Мою повесть, едва вышедшую в свет, сначала подверг осуждению некий молодой критик. Затем одни объявили ее порочной, другие — шутовской, третьи — сатирой, а некто даже нашел в ней холодное издевательство. Тут я и сам стал в страхе подозревать, что вместо сердца у меня лед. Но все же я подумал, что каждый писатель видит человеческую жизнь по-своему, да и каждый читатель воспринимает произведение по-своему. Для меня будет иметь огромное значение, если русские читатели, не зараженные нашей «традиционной мыслью», увидят в моей повести нечто иное.
Май 1925 г.
I
ВВЕДЕНИЕ
Вот уже не один год я собираюсь написать подлинную историю А-кью, но все колеблюсь, и уж одно это доказывает, что я не из числа тех, кто «оставляет поучение в слове».[83] Всегда так бывает: кисти бессмертных пишут о бессмертных; люди становятся бессмертными благодаря бессмертным произведениям, произведения становятся бессмертными благодаря бессмертным людям, и теперь уже совершенно непонятно, что от чего зависит. И все же дернул меня черт взяться писать биографию А-кью.
Но едва я взялся за кисть, чтобы написать это недолговечное сочинение, как передо мной сразу же возникли непреодолимые трудности.

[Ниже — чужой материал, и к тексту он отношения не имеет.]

(* Let $k$ be a field, $A$ and $B$ $k$-algebras, and $f: A \to M_n(B)$ a homomorphism of $k$-algebras. Consider the free product $B \ast_k k\langle (v_{ij})_{i,j=1}^n\rangle$ and the $n \times n$ matrix $V = (v_{ij})_{i,j=1}^n$ over it. Let $I_f$ be the two-sided ideal of $B \ast_k k\langle (v_{ij})_{i,j=1}^n\rangle$ generated by all entries of the matrices $V f(a) - f(a) V$ for $a \in A$. Then $f$ is a ring epimorphism if and only if $I_f$ contains $v_{ii} - v_{jj}$ for all $i,j \in \{1,\dots,n\}$, $v_{i'j'}$ for all $i' \neq j'$ in $\{1,\dots,n\}$, and $b v_{ii} - v_{ii} b$ for all $i \in \{1,\dots,n\}$ and $b \in B$.
   Context: A ring homomorphism $\varphi: R \to S$ is a ring epimorphism if for any two ring homomorphisms $\varrho_1, \varrho_2: S \to T$ with $\varrho_1\varphi = \varrho_2\varphi$ one has $\varrho_1 = \varrho_2$. $k\langle (v_{ij})\rangle$ denotes the free associative $k$-algebra on the $n^2$ indeterminates $v_{ij}$, and $\ast_k$ denotes the free product (coproduct) of $k$-algebras. *)

From HB Require Import structures.
From mathcomp Require Import all_boot all_order all_algebra.
Set Implicit Arguments. Unset Strict Implicit. Unset Printing Implicit Defensive.
Import GRing.Theory.
Local Open Scope ring_scope.

Definition ring_epi (R S : pzRingType) (phi : R -> S) : Prop :=
  forall (T : pzRingType) (r1 r2 : {rmorphism S -> T}),
    (forall x, r1 (phi x) = r2 (phi x)) -> forall y, r1 y = r2 y.

Inductive in_ideal (R : pzRingType) (G : R -> Prop) : R -> Prop :=
| ideal_gen x : G x -> in_ideal G x
| ideal_0 : in_ideal G 0
| ideal_add x y : in_ideal G x -> in_ideal G y -> in_ideal G (x + y)
| ideal_mul r x s : in_ideal G x -> in_ideal G (r * x * s).

(* (P, iota, V) is the free product B *_k k<(v_ij)>, with V = (v_ij):
   the coproduct of B and the free algebra on n^2 generators in the
   category of k-algebras.  A k-algebra map k<(v_ij)> -> T is the same as
   a matrix W in M_n(T) (v_ij |-> W i j). *)
Definition is_free_product (k : fieldType) (B P : algType k)
  (iota : {lrmorphism B -> P}) (n : nat) (V : 'M[P]_n) : Prop :=
  forall (T : algType k) (g : {lrmorphism B -> T}) (W : 'M[T]_n),
    (exists h : {lrmorphism P -> T},
        (forall b, h (iota b) = g b) /\ map_mx h V = W) /\
    (forall h1 h2 : {lrmorphism P -> T},
        (forall b, h1 (iota b) = h2 (iota b)) ->
        map_mx h1 V = map_mx h2 V -> forall p, h1 p = h2 p).

(* If f is an epimorphism, pass to P / I_f, where the matrix V commutes with
   the image of f(A).  The ring maps x |-> [[x, 0], [0, x]] and
   x |-> [[x, xV - Vx], [0, x]] from M_n(B) to 2 x 2 matrices over
   M_n(P / I_f) agree on f(A), hence everywhere, so V commutes with every
   matrix unit e_ij and every scalar b; these are the three families of
   relations.
   Conversely, let r1, r2 : M_n(B) -> T agree on f(A); they then agree on the
   scalars c1 (c in k), which lie in f(A).  The 2 x 2 matrices over T commuting
   with these scalars form a k-algebra, and the free product property maps P
   into it by b |-> [[r1 b, 0], [0, r2 b]] and v_ij |-> [[0, c_ij], [0, 0]],
   where c_ij = r1(e_0i) r2(e_j0).  This map kills I_f, so the relations hold
   for the c_ij; they make X = sum_l r1(e_l0) c_00 r2(e_0l) equal to 1, and
   then r1(b e_ij) = r1(b e_ij) X = X r2(b e_ij) = r2(b e_ij). *)

From HB Require Import structures.
From mathcomp Require Import all_boot all_order all_algebra.
From mathcomp Require Import ring_quotient generic_quotient boolp.
Set Implicit Arguments. Unset Strict Implicit. Unset Printing Implicit Defensive.
Import GRing.Theory.
Local Open Scope ring_scope.

Section IdealQuotient.
Variables (R : pzRingType) (G : R -> Prop).

Definition ideal_of : {pred R} := fun x => `[< in_ideal G x >].

Lemma ideal_ofP x : reflect (in_ideal G x) (x \in ideal_of).
Proof. exact: asboolP. Qed.

Lemma ideal_ofM r x s : x \in ideal_of -> r * x * s \in ideal_of.
Proof. by move=> /ideal_ofP Ix; apply/ideal_ofP; apply: ideal_mul. Qed.

Lemma ideal_of_zmod_closed : zmod_closed ideal_of.
Proof.
split=> [|x y /ideal_ofP Ix Iy]; first exact/ideal_ofP/ideal_0.
apply/ideal_ofP/ideal_add => //; apply/ideal_ofP.
by rewrite -mulN1r -[_ * y]mulr1 ideal_ofM.
Qed.

HB.instance Definition _ := GRing.isZmodClosed.Build R ideal_of ideal_of_zmod_closed.

Local Open Scope quotient_scope.

Definition quot_ring := Quotient.quot ideal_of.
HB.instance Definition _ := GRing.Zmodule.on quot_ring.
HB.instance Definition _ := EqQuotient.on quot_ring.

Lemma quot_eqE x y : (x == y %[mod quot_ring]) = (x - y \in ideal_of).
Proof. by rewrite Quotient.idealrBE. Qed.

Definition quot_one : quot_ring := lift_cst quot_ring 1.
Definition quot_mul := lift_op2 quot_ring *%R.
Canonical pi_quot_one_morph := PiConst quot_one.

Lemma pi_quot_mul : {morph \pi_quot_ring : x y / x * y >-> quot_mul x y}.
Proof.
move=> x y; unlock quot_mul; apply/eqP; rewrite quot_eqE.
set x' := repr _; set y' := repr _.
have Ix : x - x' \in ideal_of by rewrite -quot_eqE /x' reprK.
have Iy : y - y' \in ideal_of by rewrite -quot_eqE /y' reprK.
have -> : x * y - x' * y' = 1 * (x - x') * y + x' * (y - y') * 1.
  by rewrite mulr1 mul1r mulrBl mulrBr addrA addrNK.
by rewrite rpredD ?ideal_ofM.
Qed.
Canonical pi_quot_mul_morph := PiMorph2 pi_quot_mul.

Lemma quot_mulA : associative quot_mul.
Proof. by move=> x y z; rewrite -[x]reprK -[y]reprK -[z]reprK !piE mulrA. Qed.
Lemma quot_mul1q : left_id quot_one quot_mul.
Proof. by move=> x; rewrite -[x]reprK !piE mul1r. Qed.
Lemma quot_mulq1 : right_id quot_one quot_mul.
Proof. by move=> x; rewrite -[x]reprK !piE mulr1. Qed.
Lemma quot_mulDl : left_distributive quot_mul +%R.
Proof. by move=> x y z; rewrite -[x]reprK -[y]reprK -[z]reprK !piE mulrDl. Qed.
Lemma quot_mulDr : right_distributive quot_mul +%R.
Proof. by move=> x y z; rewrite -[x]reprK -[y]reprK -[z]reprK !piE mulrDr. Qed.

HB.instance Definition _ := GRing.Zmodule_isPzRing.Build quot_ring
  quot_mulA quot_mul1q quot_mulq1 quot_mulDl quot_mulDr.

Definition quot_proj (x : R) : quot_ring := \pi x.
Lemma neighbour_alternative X Y (R1 R2 : state V) x y p b :
  stable X R1 -> stable Y R2 -> x != d -> x != m ->
  R1 x = Some [:: x, y & p] -> R2 x = Some b ->
  exists q, [/\ R2 y = Some (y :: q), route_class x [:: x, y & q] = route_class x b
              & ~~ better Y x [:: x, y & q] b].
Proof.
move=> st1 st2 xd xm R1x R2x; have eqc := stable_class_eq st1 st2.
have [y' [p' [axy R1y ex _ [ey ep]]]] := stable_route st1 xd xm R1x; subst y' p'.
have [q2 [R2y clsE]] := class_of_eq_some (eqc y) R1y.
have [q eq] := stable_head st2 R2y; subst q2.
have [b' [R2x' cls_x]] := class_of_eq_some (eqc x) R1x; rewrite R2x in R2x'.
case: R2x' => eb; subst b'; rewrite (route_class_cons x clsE) in cls_x.
have xq : x \notin y :: q.
  apply: (stable_notin_shorter st2 xd xm R2x R2y).
  by case: cls_x => _ <-.
have lpE : lp y (nexthop y (y :: p)) = lp y (nexthop y (y :: q)) by case: clsE.
have [b' R2x' nb] := stable_best st2 xd xm (avail_export axy R2y ex lpE xq).
by move: R2x'; rewrite R2x => -[eb]; subst b'; exists q; split.
Qed.

Lemma secure_cons Y x p : secure Y (x :: p) = [&& x \in Y, x != m & secure Y p].
Proof.
rewrite /Defs.secure /= in_cons (eq_sym m x).
by case: (x \in Y); case: (x == m); case: (all _ p); case: (m \in p).
Qed.

Lemma secure_subset (Y Z : {set V}) r : Y \subset Z -> secure Y r -> secure Z r.
Proof.
move=> sYZ /andP[/allP inY mr]; rewrite /Defs.secure mr andbT.
by apply/allP => v /inY; apply: (subsetP sYZ).
Qed.

Lemma secbit_cons Y x p : secbit Y x (x :: p) = if secure Y (x :: p) then 0 else 1.
Proof. by rewrite /Defs.secbit secure_cons; case: (x \in Y). Qed.

Lemma not_better_tie Y x p q : route_class x (x :: p) = route_class x (x :: q) ->
  ~~ better Y x (x :: q) (x :: p) ->
  (secure Y (x :: q) -> secure Y (x :: p)) /\
  (secure Y (x :: p) = secure Y (x :: q) ->
     tb x (nexthop x (x :: p)) <= tb x (nexthop x (x :: q))).
Proof.
case=> lpE lenE; rewrite /better lpE lenE ltnn eqxx /= !secbit_cons.
by case: (secure Y (x :: p)); case: (secure Y (x :: q)) => //= nb; split=> // _; lia.
Qed.

Section Security.
Variables (S T : {set V}) (RS RT : state V).
Hypotheses (sST : S \subset T) (tb_inj : forall x, injective (tb x)).
Hypotheses (stS : stable S RS) (stT : stable T RT).

Definition safer (a b : seq V) : Prop :=
  (secure S a -> secure T b) /\ (m \notin a -> m \notin b).

Lemma safer_refl a : safer a a.
Proof. by split=> //; apply: secure_subset. Qed.

Lemma stable_routes_safer x a b : RS x = Some a -> RT x = Some b -> safer a b.
Proof.
move En: (rlen a) => n; elim/ltn_ind: n x a b En => n IH x a b En RSx RTx.
case: (eqVneq x d) => [exd|xd].
  by move: RSx RTx; rewrite exd (stable_d stS) (stable_d stT) => -[<-] [<-]; apply: safer_refl.
case: (eqVneq x m) => [exm|xm].
  by move: RSx RTx; rewrite exm (stable_m stS) (stable_m stT) => -[<-] [<-]; apply: safer_refl.
have [y [pa [_ RSy _ _ ea]]] := stable_route stS xd xm RSx; subst a.
have [z [pb [_ RTz _ _ eb]]] := stable_route stT xd xm RTx; subst b.
have [qy [RTy cls_qy nbT]] := neighbour_alternative stS stT xd xm RSx RTx.
have [pz [RSz cls_pz nbS]] := neighbour_alternative stT stS xd xm RTx RSx.
have [secT tbT] := not_better_tie (esym cls_qy) nbT.
have [secS tbS] := not_better_tie (esym cls_pz) nbS.
have [safe_yS safe_ym] : safer (y :: pa) (y :: qy).
  by apply: (IH (rlen (y :: pa))) RSy RTy => //; rewrite -En.
have [safe_zS _] : safer (z :: pz) (z :: pb).
  by apply: (IH (rlen (z :: pz))) RSz RTz => //; rewrite -En /rlen /=; case: cls_pz => _ ->.
have safe_xS : secure S [:: x, y & pa] -> secure T [:: x, z & pb].
  rewrite secure_cons => /and3P[xS _ /safe_yS sec_qy]; apply: secT.
  by rewrite secure_cons (subsetP sST x xS) xm.
split=> // m_a; case sec_b: (secure T [:: x, z & pb]); first by case/andP: sec_b.
have sec_qy : secure T [:: x, y & qy] = false by apply: contraFF secT sec_b.
have sec_pz : secure S [:: x, z & pz] = false.
  apply: contraFF sec_b; rewrite secure_cons => /and3P[xS _ /safe_zS sec_pb].
  by rewrite secure_cons (subsetP sST x xS) xm.
have sec_pa : secure S [:: x, y & pa] = false by apply: contraFF safe_xS sec_b.
have ezy : z = y.
  apply: (@tb_inj x z y); apply/eqP; rewrite eqn_leq.
  by rewrite (tbT _) ?(tbS _) ?sec_b ?sec_qy ?sec_pa ?sec_pz.
subst z; move: RTz; rewrite RTy => -[<-].
move: m_a; rewrite in_cons negb_or => /andP[mx m_ya].
by rewrite in_cons negb_or mx safe_ym.
Qed.

End Security.
End StableRouting.

Theorem theorem4 (V : finType) (cp pp : rel V) (tb : V -> V -> nat)
    (d m s : V) (S T : {set V}) (RS RT : V -> option (seq V)) :
  wf_graph cp pp ->
  (forall x, injective (tb x)) ->
  m != d -> ~~ adj cp pp m d ->
  S \subset T ->
  stable cp pp tb d m S RS -> (forall R, stable cp pp tb d m S R -> R =1 RS) ->
  stable cp pp tb d m T RT -> (forall R, stable cp pp tb d m T R -> R =1 RT) ->
  avoids m (RS s) -> avoids m (RT s).
Proof.
move=> wf tb_inj _ _ sST stS _ stT _.
rewrite /avoids; case RSs: (RS s) => [a|] // m_a.
have [b [RTs _]] := class_of_eq_some (stable_class_eq wf stS stT s) RSs.
by rewrite RTs; apply: (proj2 (stable_routes_safer wf sST tb_inj stS stT RSs RTs)).
Qed.
(* Let S be an exponential dominating set. Since w(u) >= 1 for u outside S,
   sum_{u not in S} (3 - deg u) is at most
   sum_{v in S} sum_{u not in S} (3 - deg u) (1/2)^(dist(u,v) - 1).
   Fix v in S and sort the vertices outside S into levels N_d by their
   distance to v.  A vertex of N_{d+1} has a neighbour in N_d and a vertex of
   N_d has a neighbour outside N_{d+1}; with maximum degree 3 this gives
   |N_{d+1}| + sum_{N_d} (3 - deg) <= 2 |N_d|, and telescoping against the
   weights (1/2)^(d-1) bounds the inner sum by 2 |N_1| <= 2 deg v.  As a tree
   has degree sum 2n - 2, the left-hand side is at least
   n + 2 - sum_{v in S} (3 - deg v), whence n + 2 <= sum_{v in S} (3 + deg v)
   <= 6 |S|. *)

Lemma sum_nat_of_bool (T : finType) (A : {set T}) (P : pred T) :
  \sum_(y in A) (P y : nat) = #|[set y in A | P y]|.
Proof.
rewrite -sum1_card big_mkcond [RHS]big_mkcond; apply: eq_bigr => y _.
by rewrite !inE; case: (y \in A); case: (P y).
Qed.

Section Forest.
Variables (T : finType) (e : rel T).
Hypotheses (e_sym : symmetric e) (e_irr : irreflexive e)
  (e_acyclic : acyclic_graph e).

(* Otherwise [y], the path from [y] to the last vertex and the edge back
   to [y] would close a cycle of length at least 3. *)
Lemma acyclic_last_adj x s y :
  path e x s -> uniq (x :: s) -> y \in x :: s -> e (last x s) y ->
  exists p, x :: s = p ++ [:: y; last x s].
Proof.
move=> xs_path xs_uniq y_in last_y.
have [p1 [p2 def_xs]] : exists p1 p2, x :: s = p1 ++ y :: p2.
  by case/splitPr: y_in => p1 p2; exists p1, p2.
have p2_path : path e y p2.
  move: xs_path; rewrite -[path e x s]/(sorted e (x :: s)) def_xs.
  by rewrite sorted_cat_cons => /andP [].
have p2_uniq : uniq (y :: p2) by move: xs_uniq; rewrite def_xs cat_uniq => /and3P [].
have last_p2 : last x s = last y p2.
  by rewrite -[last x s]/(last x (x :: s)) def_xs last_cat.
rewrite def_xs last_p2 in last_y *.
case: p2 last_y p2_path p2_uniq {def_xs last_p2} => [|w [|w' p2]] last_y.
- by rewrite /= e_irr in last_y.
- by exists p1.
move=> p2_path p2_uniq.
have := e_acyclic (c := [:: y, w, w' & p2]) isT p2_uniq.
by rewrite /cycle rcons_path p2_path last_y.
Qed.

Section NoLeaf.
Variable A : {set T}.
Hypothesis A_branching : forall z, z \in A -> 1 < #|[set y in A | e z y]|.

(* A path inside [A] can always be extended at its last vertex, which has two
   neighbours in [A] of which at most one already lies on the path. *)
Lemma branching_long_path x0 : x0 \in A -> forall m,
  exists x s, size s = m /\
    [&& x \in A, all (mem A) s, uniq (x :: s) & path e x s].
Proof.
move=> x0A; elim=> [|m [x [s [size_s /and4P [xA sA xs_uniq xs_path]]]]].
  by exists x0, [::]; rewrite x0A.
have lastA : last x s \in A.
  by have := mem_last x s; rewrite inE => /predU1P [->|/(allP sA)].
suff [y yA [y_new e_y]] : exists2 y, y \in A & y \notin x :: s /\ e (last x s) y.
  exists x, (rcons s y); rewrite size_rcons size_s; split=> //.
  rewrite xA all_rcons sA rcons_path xs_path e_y -rcons_cons rcons_uniq.
  by rewrite y_new xs_uniq /= yA.
have [y1 [y2 [y1N y2N y12]]] := card_gt1P (A_branching lastA).
move: y1N y2N; rewrite !inE => /andP [y1A e1] /andP [y2A e2].
have [y1_old|] := boolP (y1 \in x :: s); last by exists y1.
have [y2_old|] := boolP (y2 \in x :: s); last by exists y2.
have [p1 def1] := acyclic_last_adj xs_path xs_uniq y1_old e1.
have [p2 def2] := acyclic_last_adj xs_path xs_uniq y2_old e2.
have := congr1 (fun l => head y1 (behead (rev l))) (etrans (esym def1) def2).
by rewrite !rev_cat /= => y12E; rewrite y12E eqxx in y12.
Qed.

Lemma branching_empty : A = set0.
Proof.
apply/eqP; apply/set0Pn => -[x0 x0A].
have [x [s [size_s /and4P [_ _ xs_uniq _]]]] := branching_long_path x0A #|T|.
by have := max_card (mem (x :: s)); rewrite (card_uniqP xs_uniq) /= size_s ltnn.
Qed.

End NoLeaf.

Lemma acyclic_leaf (A : {set T}) : A != set0 ->
  exists2 z, z \in A & #|[set y in A | e z y]| <= 1.
Proof.
move=> A0; apply/exists_inP; apply: contraNT A0 => /exists_inPn A_branching.
by apply/eqP; apply: branching_empty => z /A_branching; rewrite ltnNge.
Qed.

Definition adj_sum (A : {set T}) := \sum_(x in A) \sum_(y in A) (e x y : nat).

Lemma adj_sumD1 (A : {set T}) z : z \in A ->
  adj_sum A = 2 * #|[set y in A | e z y]| + adj_sum (A :\ z).
Proof.
move=> zA; rewrite /adj_sum (bigD1 z zA) /=.
have -> : \sum_(x in A | x != z) \sum_(y in A) (e x y : nat) =
    \sum_(x in A :\ z) ((e x z : nat) + \sum_(y in A :\ z) (e x y : nat)).
  apply: eq_big => [x|x _]; first by rewrite !inE andbC.
  rewrite (bigD1 z zA) /=; apply/eqP; rewrite eqn_add2l; apply/eqP/eq_bigl => y.
  by rewrite !inE andbC.
have col_z : \sum_(x in A :\ z) (e x z : nat) = #|[set y in A | e z y]|.
  rewrite -sum_nat_of_bool [RHS](bigD1 z zA) /= e_irr add0n.
  by apply: eq_big => [x|x _]; rewrite ?inE 1?andbC // e_sym.
by rewrite big_split /= col_z sum_nat_of_bool addnA mul2n -addnn.
Qed.
Lemma cvg_sum_harmonic_ln :
  ((ln k%:R)^-1 * \sum_(n < k) harmonic n) @[k --> \oo] --> (1 : R).
Proof.
apply: (@squeeze_cvgr _ _ _ _ (fun=> 1) (fun k => 1 + (ln k%:R)^-1)).
- near=> k.
  have k_gt1 : (1 < k)%N by near: k; exact: nbhs_infty_gt.
  have ln_gt0 : 0 < ln k%:R :> R by rewrite ln_gt0 ?ltr1n.
  rewrite mulrC ler_pdivlMr // mul1r ler_pdivrMr // mulrDl mul1r mulVf ?gt_eqF //.
  apply/andP; split.
    apply: (le_trans _ (ln_le_sum_harmonic k)).
    by rewrite ler_ln ?posrE ?ltr0n ?ler_nat // ltnW.
  by rewrite addrC; have := sum_harmonic_le_ln k.-1; rewrite prednK // ltnW.
- exact: cvg_cst.
- rewrite -[X in _ --> X]addr0; apply: cvgD (cvg_cst _) cvg_inv_ln.
Unshelve. all: by end_near.
Qed.

Lemma emp_log_int_cvg_cst (x : cantor_space) (b : bool) (f : cantor_space -> R) :
  continuous f ->
  ((ln k%:R)^-1 * weighted_mismatches x (@harmonic R) b k) @[k --> \oo] --> 0 ->
  emp_log_int x k f @[k --> \oo] --> f (cst b).
Proof.
move=> cf D_cvg.
apply: (@weighted_shift_avg_cvg_cst R x harmonic _ _ _ id (fun k => ln k%:R)) => //.
- exact: harmonic_ge0.
- by move=> n; rewrite /= invf_le1 ?ler1n ?ltr0n.
- exact: harmonic_shift.
- near=> k; apply: ln_gt0; rewrite ltr1n; near: k; exact: nbhs_infty_gt.
- exact: cvg_inv_ln.
- exact: cvg_sum_harmonic_ln.
Unshelve. all: by end_near.
Qed.

End logarithmic_averages.

Definition block_start (k : nat) : nat := (2 ^ (k ^ 3))%N.

(* Searching j among 0..n suffices because j < block_start j. *)
Definition blocks : cantor_space := fun n =>
  has (fun j => block_start j <= n < j * block_start j)%N (iota 0 n.+1).

Lemma block_start_gt0 k : (0 < block_start k)%N.
Proof. by rewrite expn_gt0. Qed.

Lemma block_start_le j k : (j <= k)%N -> (block_start j <= block_start k)%N.
Proof. by move=> jk; rewrite leq_pexp2l // leq_exp2r. Qed.

Lemma block_start_gtn k : (k < block_start k)%N.
Proof.
apply: leq_trans (ltn_expl k (isT : 1 < 2)%N) _.
by rewrite leq_pexp2l //; case: k => // k; rewrite expnS; nia.
Qed.

Lemma block_start_growth k : (k.+1 * (k.+1 * block_start k) <= block_start k.+1)%N.
Proof.
have e : (k ^ 3 + (k + k) <= k.+1 ^ 3)%N by rewrite !expnS expn0; nia.
apply: leq_trans (leq_pexp2l (isT : 0 < 2)%N e).
have kY := ltn_expl k (isT : 1 < 2)%N.
rewrite !expnD mulnA mulnC.
exact: leq_mul (leqnn _) (leq_mul kY kY).
Qed.

Lemma block_start_succ_incr : {homo (fun k => block_start k.+1) : m n / (m < n)%N}.
Proof. by move=> m n mn; rewrite ltn_exp2l // ltn_exp2r. Qed.

Lemma block_end_incr :
  {homo (fun k => k.+1 * block_start k.+1)%N : m n / (m < n)%N}.
Proof. by move=> m n mn; apply: ltn_mul; rewrite ?ltnS ?block_start_succ_incr. Qed.

Lemma blocksP n :
  reflect (exists j, block_start j <= n < j * block_start j)%N (blocks n).
Proof.
apply: (iffP hasP) => [[j _ jn]|[j jn]]; first by exists j.
exists j => //; rewrite mem_iota add0n ltnS.
by case/andP: jn => /(leq_trans (ltnW (block_start_gtn j))).
Qed.

Lemma sum_ltn_indicator K A : (\sum_(n < K) (n < A) = minn K A)%N.
Proof.
elim: K => [|K IH]; first by rewrite big_ord0 min0n.
by rewrite big_ord_recr /= IH; case: ltnP => KA; lia.
Qed.

Lemma sum_bool_le (b : nat -> bool) K A :
  (forall n, (n < K)%N -> b n -> (n < A)%N) -> (\sum_(n < K) b n <= A)%N.
Proof.
move=> bA; apply: leq_trans (geq_minr K A); rewrite -sum_ltn_indicator.
apply: leq_sum => n _.
by case: (boolP (b n)) => // /(bA n (ltn_ord n)) ->.
Qed.
Lemma connect_ARk k (u w : cell n) : u \in @ARk n k -> w \in @ARk n k ->
  u.1 <= w.1 -> u.2 <= w.2 -> connect (within (@ARk n k) (@ARedge n (cyc n))) u w.
Proof.
move=> uA wA; have [d] := ubnP (w.1 - u.1 + (w.2 - u.2)).
elim: d u uA => // d IH u uA du uw1 uw2.
case: (eqVneq u w) => [->|uw]; first exact: connect0.
move: (uA) (wA); rewrite !inE => /andP[/andP[u1 u1k] /andP[ku2 u2n]] /andP[/andP[w1 w1k] /andP[kw2 w2n]].
case: (ltnP u.2 w.2) => uw2'.
  have v2 : (inord u.2.+1 : 'I_n.+2) = u.2.+1 :> nat by rewrite inordK //; lia.
  have vA : (u.1, inord u.2.+1) \in @ARk n k by rewrite inE /= v2; lia.
  apply: (connect_within_cons _ vA); first by rewrite (ARedge_cyc uA vA) /= v2 !eqxx.
  by apply: IH; rewrite /= ?v2 //; lia.
have uw1' : u.1 < w.1.
  rewrite ltn_neqAle uw1 andbT; apply/eqP => e1.
  by move/eqP: uw; apply; apply: cell_inj; lia.
have v1 : (inord u.1.+1 : 'I_n.+2) = u.1.+1 :> nat by rewrite inordK //; lia.
have vA : (inord u.1.+1, u.2) \in @ARk n k by rewrite inE /= v1; lia.
apply: (connect_within_cons _ vA); first by rewrite (ARedge_cyc uA vA) /= v1 !eqxx orbT.
by apply: IH; rewrite /= ?v1 //; lia.
Qed.
End Cells.

Section Correspondence.
Variables (n : nat) (lam : seq nat).
Hypothesis lam_sorted : sorted geq lam.
Hypothesis lam_n : head 0 lam + size lam = n.+1.

Local Notation square k := (@square_k n lam k).

Lemma inFer_ideal i j i' j' : inFer lam i j -> 0 < i' <= i -> 0 < j' <= j -> inFer lam i' j'.
Proof.
case/andP=> /andP[i0 iS] /andP[j0 ji] /andP[i'0 i'i] /andP[j'0 j'j].
by have := part_antimono lam_sorted i'i; rewrite /inFer i'0 j'0 /=; lia.
Qed.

Первая — как назвать сочинение. Еще Конфуций сказал: «Если название неправильно, то и слова не повинуются».[84] На это следует обратить особое внимание. Названий для подобных биографических трудов очень много: биография, официальная биография,[85] автобиография,[86] частная биография,[87] неофициальная биография,[88] дополнительная биография,[89] семейная биография,[90] краткая биография…[91] жаль только, что все они не подходят для моего сочинения. «Биография»? Но мое сочинение недостойно того, чтобы его ставить в один ряд с биографиями великих людей, и оно не войдет в «династийную» историю. «Автобиография»? Но ведь я не А-кью. «Неофициальная биография», «Официальная биография» — тоже не годится. Ведь «Неофициальная биография» обычно пишется о святом, а А-кью вовсе не святой. Просто «Официальная биография»? Но А-кью никогда не удостаивался правительственной награды в виде указа президента республики, предписывающего департаменту геральдии[92] составить его генеалогию. Хотя и утверждают, что в исторических анналах Англии нет «биографий игроков», но знаменитый писатель Диккенс все же написал «Частную биографию игрока».[93] Однако то, что дозволено прославленному писателю, совершенно непозволительно такому, как я. Затем идет «Семейная биография». Но я не знаю, есть ли у меня с А-кью общие предки, а его потомки никогда не просили меня написать его биографию. Может быть, озаглавить мое сочинение «Краткая биография»? Так ведь у А-кью не было другой, «Полной биографии». Скорее всего это, пожалуй, будет «Генеалогия». Но само содержание, грубый стиль и язык, как у «возчиков и уличных торговцев соей»,[94] не позволяют мне назвать так свое сочинение. Писатели, не принадлежащие ни к трем религиозным школам,[95] ни к девяти философским течениям,[96] обычно пишут: «Довольно праздных слов, перейдем к подлинной истории!» И вот я решил озаглавить мое сочинение двумя словами: «Подлинная история». Если же кто-нибудь спутает его с теми названиями, которые в древности присваивались сочинениям других жанров (например, «Подлинная история каллиграфического искусства»[97]), то здесь уж ничего не поделаешь.